Там же и Борька со своей женой Норой, она зачем-то поехала с ним. Еще бы, тут где-то недалеко его родина. Медовый месяц на родине. Делаю вид, что не замечаю. Ослеп. В упор не вижу.

Мелодии здесь на танцплощадке допотопные, чуть ли не «Мишка, Мишка, где твоя улыбка…», но есть и новейшие: «Вьюга смешала землю с небом».

Ухожу с танцплощадки, напиваюсь тупо в буфетике среди подгулявших командированных речников, каких-то разговорчивых девиц.

В гостиницу не пускают. Поздно. Я кричу, бью кулаком в дверь. Кто-то открывает, видно, вахтер, орет на меня, я несусь на него, получаю удар, падаю.

Потом какая-то возня. Кто-то быстро слетает с лестницы, наскакивает на вахтера, сквозь сумрак вижу, вернее, догадываюсь: Борька Никитин.

И действительно, надо мною, распростертым, Борька Никитин. Бормочет, успокаивает:

— Ну че ты, ну че ты? Че раздухарился?.. Вставай. Откуда он взялся здесь, зачем?

— Пошел ты… Пошли вы все.

— Ну че ты?.. Ну че ты, Юрка, Юрк?..

Почему-то меня возмущает, что он меня так зовет.
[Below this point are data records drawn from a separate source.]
(* (1) There exists a function $r:[\omega]^\omega\to[\omega]^\omega$ such that for every $x,z\in[\omega]^\omega$ there is $y\in[x]^\omega$ with $r(y)=z$. (2) There exists a function $r:[\omega]^\omega\to 2^{\aleph_0}$ such that for every $x\in[\omega]^\omega$ and every $\beta<2^{\aleph_0}$ there is $y\in[x]^\omega$ with $r(y)=\beta$. (3) For every infinite cardinal $\lambda$ there is a function $r:[\lambda]^\omega\to 2^{\aleph_0}$ such that for every $x\in[\lambda]^\omega$ and every $\beta<2^{\aleph_0}$ there is $y\in[x]^\omega$ with $r(y)=\beta$ (and likewise with $[\omega]^\omega$ as target in place of $2^{\aleph_0}$).
   Context: Work in ZFC. For a set $X$, $[X]^\omega$ denotes the set of countably infinite subsets of $X$. *)

From Stdlib Require Import Classical FunctionalExtensionality PropExtensionality.

Definition countably_infinite {T : Type} (A : T -> Prop) : Prop :=
  exists f : nat -> T,
    (forall n m, f n = f m -> n = m) /\ (forall t, A t <-> exists n, f n = t).

Definition subset {T : Type} (A B : T -> Prop) : Prop := forall t, A t -> B t.

Definition infinite_type (T : Type) : Prop :=
  exists f : nat -> T, forall n m, f n = f m -> n = m.

(* There is r : [L]^omega -> 2^aleph0 (modelled as nat -> bool) such that for every
   x in [L]^omega and every beta, some y in [x]^omega has r y = beta. *)
Definition onto_continuum_everywhere (L : Type) : Prop :=
  exists r : (L -> Prop) -> (nat -> bool),
    forall x : L -> Prop, countably_infinite x ->
    forall beta : nat -> bool,
    exists y : L -> Prop, subset y x /\ countably_infinite y /\ r y = beta.

Definition onto_omega_everywhere (L : Type) : Prop :=
  exists r : (L -> Prop) -> (nat -> Prop),
    (forall y : L -> Prop, countably_infinite y -> countably_infinite (r y)) /\
    forall x : L -> Prop, countably_infinite x ->
    forall z : nat -> Prop, countably_infinite z ->
    exists y : L -> Prop, subset y x /\ countably_infinite y /\ r y = z.

(* There are continuum many pairs (x, beta) with x in [omega]^omega, and each such
   x has continuum many infinite subsets; a transfinite recursion along a well-order
   of the pairs of order type 2^aleph0 picks pairwise distinct subsets y(x, beta) of x,
   and r(y(x, beta)) := beta.  For an arbitrary set L, fix a maximal almost disjoint
   family F of countable subsets of L: every countable x meets some a in F in an
   infinite set, and every countable y contained in a member of F determines that
   member, so r for omega transfers to L along enumerations of the members of F.
   The [omega]^omega-valued versions follow by reading beta as a characteristic
   function. *)

From Stdlib Require Import ClassicalEpsilon Wellfounded.
From mathcomp Require Import ssreflect ssrfun ssrbool eqtype ssrnat boolp wochoice.
From mathcomp Require Import zify.
From mathcomp Require classical_sets.

Lemma well_ordering (T : Type) :
  exists lt : T -> T -> Prop,
    well_founded lt /\ forall x y, lt x y \/ x = y \/ lt y x.
Proof.
elim/Peq: T => T.
have [R Rwo] := well_ordering_principle T.
have Rchain : wo_chain R predT by apply: withinW.
have R_total := wo_chainW Rchain.
have R_anti := wo_chain_antisymmetric Rchain.
exists (fun x y => R x y /\ x <> y); split.
- move=> x; apply: contrapT => x_nacc.
  have [|z [[/asboolP z_nacc z_min] _]] :=
    Rwo [pred w | `[< ~ Acc (fun x y => R x y /\ x <> y) w >]].
    by exists x; apply/asboolP.
  apply: z_nacc; constructor => y [Ryz yz]; apply: contrapT => y_nacc.
  by apply: yz; apply: R_anti => //; rewrite Ryz z_min //; apply/asboolP.
- move=> x y; have [->|xy] := eqVneq x y; first by right; left.
  have /orP[Rxy|Ryx] := R_total x y isT isT.
  + by left; split=> //; apply/eqP.
  + by right; right; split=> //; apply/eqP; rewrite eq_sym.
Qed.

Lemma well_founded_minimal {T : Type} {lt : T -> T -> Prop} {P : T -> Prop} :
  well_founded lt -> (exists t, P t) -> exists t, P t /\ forall s, lt s t -> ~ P s.
Proof.
move=> lt_wf [t Pt]; apply: contrapT => no_min.
elim/(well_founded_ind lt_wf): t Pt => t IH Pt.
by apply: no_min; exists t; split=> // s /IH.
Qed.

(* A well-order of order type |T|: pull back a well-order along an injection of T
   into the shortest initial segment that admits one. *)
Lemma initial_well_ordering (T : Type) :
  exists lt : T -> T -> Prop,
    [/\ well_founded lt, forall x y, lt x y \/ x = y \/ lt y x &
        forall t (k : T -> T), injective k -> ~ forall a, lt (k a) t].
Proof.
have [lt0 [lt0_wf lt0_tri]] := well_ordering T.
pose long t := exists k : T -> T, injective k /\ forall a, lt0 (k a) t.
have [/(well_founded_minimal lt0_wf)[t0 [[g [g_inj g_t0]] t0_min]] | no_long] :=
  pselect (exists t, long t); last first.
  by exists lt0; split=> // t k k_inj k_t; apply: no_long; exists t, k.
exists (fun x y => lt0 (g x) (g y)); split.
- exact: wf_inverse_image.
- move=> x y; have [|[/g_inj|]] := lt0_tri (g x) (g y); tauto.
- move=> t k k_inj k_t; apply: (t0_min (g t) (g_t0 t)).
  by exists (g \o k); split; [exact: inj_comp|].
Qed.

Section DistinctRepresentatives.

Variables (T U : Type) (P : T -> U -> Prop).
Hypothesis U_inhabited : inhabited U.
Hypothesis many_candidates :
  forall t, exists k : T -> U, injective k /\ forall a, P t (k a).

(* The values g s for s below t form a set of size less than |T|, so they cannot
   exhaust the |T| many candidates for t. *)
Lemma fresh_candidate {lt : T -> T -> Prop} {t : T} (g : T -> U) :
  (forall k : T -> T, injective k -> ~ forall a, lt (k a) t) ->
  exists u, P t u /\ forall s, lt s t -> u <> g s.
Proof.
move=> t_short; apply: contrapT => no_fresh.
have [k [k_inj Pk]] := many_candidates t.
have /choice[m m_k] : forall a, exists s, lt s t /\ k a = g s.
  move=> a; apply: contrapT => k_fresh; apply: no_fresh.
  by exists (k a); split=> // s st ka; apply: k_fresh; exists s.
apply: (t_short m) => [a b mab|a]; last by case: (m_k a).
by apply: k_inj; rewrite (m_k a).2 (m_k b).2 mab.
Qed.

Theorem injective_choice : exists h : T -> U, injective h /\ forall t, P t (h t).
Proof.
have [lt [lt_wf lt_tri lt_short]] := initial_well_ordering T.
pose F t (rec : forall s, lt s t -> U) :=
  epsilon U_inhabited (fun u => P t u /\ forall s (st : lt s t), u <> rec s st).
pose h : T -> U := Fix lt_wf (fun _ => U) F.
have h_fresh t : P t (h t) /\ forall s, lt s t -> h t <> h s.
  rewrite /h Fix_eq -/h; last first.
    move=> x f g fg; suff -> : f = g by [].
    by apply: functional_extensionality_dep => s; apply/functional_extensionality_dep/fg.
  exact (epsilon_spec U_inhabited (fun u => P t u /\ forall s, lt s t -> u <> h s)
           (fresh_candidate h (lt_short t))).
exists h; split=> [a b hab|t]; last by case: (h_fresh t).
have [ab|[//|ba]] := lt_tri a b.
- by case: ((h_fresh b).2 a ab).
- by case: ((h_fresh a).2 b ba).
Qed.

End DistinctRepresentatives.

Definition range {A B : Type} (f : A -> B) : B -> Prop := fun b => exists a, f a = b.

Definition infinite_set {T : Type} (A : T -> Prop) : Prop :=
  exists f : nat -> T, injective f /\ forall n, A (f n).

Lemma countably_infiniteE {T : Type} (A : T -> Prop) :
  countably_infinite A <-> exists f : nat -> T, injective f /\ A = range f.
Proof.
split=> [[f [f_inj Af]] | [f [f_inj ->]]]; exists f; split=> //.
by apply: funext => t; apply: propext.
Qed.

Lemma countably_infinite_range {T : Type} {f : nat -> T} :
  injective f -> countably_infinite (range f).
Proof. by move=> f_inj; apply/countably_infiniteE; exists f. Qed.

Lemma countably_infinite_infinite_set {T : Type} {A : T -> Prop} :
  countably_infinite A -> infinite_set A.
Proof. by case/countably_infiniteE=> f [f_inj ->]; exists f; split=> // n; exists n. Qed.

Lemma infinite_setS {T : Type} {A B : T -> Prop} :
  subset A B -> infinite_set A -> infinite_set B.
Proof. by move=> AB [f [f_inj Af]]; exists f; split=> // n; apply/AB/Af. Qed.

Definition interleave (b c : nat -> bool) : nat -> bool :=
  fun n => if odd n then c n./2 else b n./2.

Lemma interleave_inj b c b' c' :
  interleave b c = interleave b' c' -> b = b' /\ c = c'.
Proof.
move=> e; split; apply: funext => n.
- by have := congr1 (fun f => f n.*2) e; rewrite /interleave odd_double doubleK.
- by have := congr1 (fun f => f n.*2.+1) e; rewrite /interleave /= odd_double uphalf_double.
Qed.

Lemma double_addb_inj n m (b b' : bool) : n.*2 + b = m.*2 + b' -> n = m /\ b = b'.
Proof. by case: b b' => [] [] /= e; split=> //; lia. Qed.

Definition branch {L : Type} (g : nat -> L) (c : nat -> bool) : L -> Prop :=
  range (fun n => g (n.*2 + c n)).

Lemma continuum_many_subsets {L : Type} {x : L -> Prop} : countably_infinite x ->
  exists k : (nat -> bool) -> L -> Prop,
    injective k /\ forall c, subset (k c) x /\ countably_infinite (k c).
Proof.
case/countably_infiniteE=> g [g_inj ->]; exists (branch g); split=> [c c' cc'|c].
  apply: funext => n.
  have [m /g_inj/double_addb_inj[-> ->]] : branch g c' (g (n.*2 + c n)).
    by rewrite -cc'; exists n.
  by [].
split; first by move=> _ [n <-]; exists (n.*2 + c n).
by apply: countably_infinite_range => n m /g_inj/double_addb_inj[].
Qed.

Lemma onto_continuum_everywhere_nat : onto_continuum_everywhere nat.
Proof.
pose T := ((nat -> Prop) * (nat -> bool))%type.
pose code (t : T) := interleave (fun n => `[< t.1 n >]) t.2.
have code_inj : injective code.
  move=> [x b] [x' b']; rewrite /code /= => /interleave_inj[xx' ->]; congr pair.
  apply: funext => n; apply: propext; apply: asbool_eq_equiv.
  exact: (congr1 (fun f => f n) xx').
pose P (t : T) (y : nat -> Prop) :=
  countably_infinite t.1 -> subset y t.1 /\ countably_infinite y.
have [h [h_inj h_sub]] : exists h : T -> nat -> Prop, injective h /\ forall t, P t (h t).
  apply: injective_choice; first exact: inhabits (fun _ => True).
  move=> [x b]; have [x_ci|x_nci] := pselect (countably_infinite x).
    have [k [k_inj k_sub]] := continuum_many_subsets x_ci.
    by exists (k \o code); split=> [|t _]; [exact: inj_comp | exact: k_sub].
  have [k [k_inj _]] := continuum_many_subsets (countably_infinite_range (@inj_id nat)).
  by exists (k \o code); split=> [|t /x_nci//]; exact: inj_comp.
pose t0 : T := (fun _ => True, fun _ => false).
exists (fun y => (epsilon (inhabits t0) (fun t => h t = y)).2) => x x_ci b.
have [hx_sub hx_ci] := h_sub (x, b) x_ci.
exists (h (x, b)); do !split=> //.
have := epsilon_spec (inhabits t0) (fun t => h t = h (x, b)) (ex_intro _ (x, b) erefl).
by move/h_inj->.
Qed.

Definition almost_disjoint {L : Type} (F : (L -> Prop) -> Prop) : Prop :=
  (forall a, F a -> countably_infinite a) /\
  (forall a b, F a -> F b -> infinite_set (fun l => a l /\ b l) -> a = b).

Lemma maximal_almost_disjoint (L : Type) :
  exists F : (L -> Prop) -> Prop, almost_disjoint F /\
    forall x, countably_infinite x -> exists2 a, F a & infinite_set (fun l => x l /\ a l).
Proof.
have [|F [[F_ci F_ad] F_max]] := @classical_sets.Zorn_bigcup (L -> Prop) almost_disjoint.
  move=> G G_ad G_chain; split=> [a [X GX Xa] | a b [X GX Xa] [Y GY Yb]].
    exact: (G_ad X GX).1.
  have [XY|YX] := G_chain X Y GX GY.
  - exact: (G_ad Y GY).2 (XY a Xa) Yb.
  - exact: (G_ad X GX).2 Xa (YX b Yb).
exists F; split=> // x x_ci; apply: contrapT => x_new.
have x_inf := countably_infinite_infinite_set x_ci.
have xa_fin a : F a -> ~ infinite_set (fun l => a l /\ x l).
  move=> Fa ax_inf; apply: x_new; exists a => //.
  by apply: infinite_setS ax_inf => l [].
apply: (F_max (fun a => F a \/ a = x)).
  split=> [a Fa|]; first by left.
  move=> /(_ x (or_intror erefl)) Fx; apply: (xa_fin x Fx).
  by apply: infinite_setS x_inf => l xl; split.
split=> [a [/F_ci//|->//] | a b [Fa|->] [Fb|->] ab_inf //].
- exact: F_ad.
- by case: (xa_fin a Fa).
- case: (xa_fin b Fb); apply: infinite_setS ab_inf => l []; by split.
Qed.

Lemma infinite_set_preimage {L : Type} (x : L -> Prop) (e : nat -> L) :
  infinite_set (fun l => x l /\ range e l) -> infinite_set (fun n => x (e n)).
Proof.
case=> g [g_inj g_xe].
have /choice[m e_m] : forall k, exists n, e n = g k.
  by move=> k; case: (g_xe k).
exists m; split=> [i j mij|k]; first by apply: g_inj; rewrite -!e_m mij.
by rewrite e_m; case: (g_xe k).
Qed.

Lemma preimage_range_comp {L : Type} (e : nat -> L) (f : nat -> nat) :
  injective e -> (fun n => range (e \o f) (e n)) = range f.
Proof.
move=> e_inj; apply: funext => n; apply: propext.
by split=> [[k /e_inj <-] | [k <-]]; exists k.
Qed.

Lemma onto_continuum_everywhere_transfer (L : Type) :
  onto_continuum_everywhere nat -> onto_continuum_everywhere L.
Proof.
move=> [r0 r0_onto]; have [[l0]|L_empty] := pselect (inhabited L); last first.
  by exists (fun _ _ => false) => x [f _]; case: L_empty; exact: inhabits (f 0).
have [F [[F_ci F_ad] F_max]] := maximal_almost_disjoint L.
have /choice[enum enumP] :
    forall a, exists e : nat -> L, F a -> injective e /\ a = range e.
  move=> a; have [Fa|nFa] := pselect (F a); last by exists (fun _ => l0).
  by have /countably_infiniteE[e ?] := F_ci a Fa; exists e.
have /choice[cover coverP] : forall y : L -> Prop,
    exists a, (exists a, F a /\ subset y a) -> F a /\ subset y a.
  move=> y; have [[a ?]|no_cover] := pselect (exists a, F a /\ subset y a).
    by exists a.
  by exists y.
(* A countably infinite y inside some member of F lies in exactly one member, since
   F is almost disjoint; r reads y through the enumeration of that member. *)
exists (fun y => r0 (fun n => y (enum (cover y) n))) => x x_ci b.
have [a Fa xa_inf] := F_max x x_ci.
have [e_inj a_e] := enumP a Fa.
move: xa_inf; rewrite {1}a_e => /infinite_set_preimage[m [m_inj x_em]].
have [y' [y'_m [/countably_infiniteE[f [f_inj y'_f]] r0_y']]] :=
  r0_onto _ (countably_infinite_range m_inj) b.
subst y'.
set e := enum a in e_inj a_e x_em *.
have y_ci : countably_infinite (range (e \o f)).
  exact: countably_infinite_range (inj_comp e_inj f_inj).
have cover_y : cover (range (e \o f)) = a.
  have [|F_cover y_cover] := coverP (range (e \o f)).
    by exists a; split=> //; rewrite a_e => _ [k <-]; exists (f k).
  apply: F_ad => //; apply: infinite_setS (countably_infinite_infinite_set y_ci).
  by move=> l yl; split; [apply: y_cover | rewrite a_e; case: yl => k <-; exists (f k)].
exists (range (e \o f)); do !split=> //; last by rewrite cover_y preimage_range_comp.
by move=> _ [k <-] /=; have [j <-] := y'_m (f k) (ex_intro _ k erefl); exact: x_em.
Qed.

Lemma onto_omega_of_onto_continuum (L : Type) :
  onto_continuum_everywhere L -> onto_omega_everywhere L.
Proof.
move=> [r r_onto].
pose to_set (c : nat -> bool) : nat -> Prop :=
  if `[< countably_infinite (fun n => is_true (c n)) >] then fun n => is_true (c n)
  else range id.
exists (to_set \o r); split=> [y _ | x x_ci z z_ci].
  rewrite /= /to_set; case: asboolP => // _.
  exact: countably_infinite_range (@inj_id nat).
have [y [y_x [y_ci ry]]] := r_onto x x_ci (fun n => `[< z n >]).
exists y; do !split=> //; rewrite /= ry /to_set.
have -> : (fun n => is_true `[< z n >]) = z by apply: funext => n; rewrite asboolE.
by rewrite asboolT.
Qed.

Theorem lemma2p1 :
  onto_omega_everywhere nat /\
  onto_continuum_everywhere nat /\
  (forall L : Type, infinite_type L ->
     onto_continuum_everywhere L /\ onto_omega_everywhere L).
Proof.
have onto_continuum L : onto_continuum_everywhere L.
  exact: onto_continuum_everywhere_transfer onto_continuum_everywhere_nat.
have onto_omega L : onto_omega_everywhere L.
  exact/onto_omega_of_onto_continuum/onto_continuum.
split; first exact: onto_omega.
split; first exact: onto_continuum.
by move=> L _; split.
Qed.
— Я тебе не Юрка. Я тебе… — И что-то ору злобное, бессмысленное, а он застегивает на мне рубашку, тащит меня.

После этого инцидента наши дипломатические отношения восстановились, во всяком случае, мы стали кивать друг другу. С ней, к счастью, не приходилось встречаться. Она жила где-то в деревне и редко попадалась на глаза.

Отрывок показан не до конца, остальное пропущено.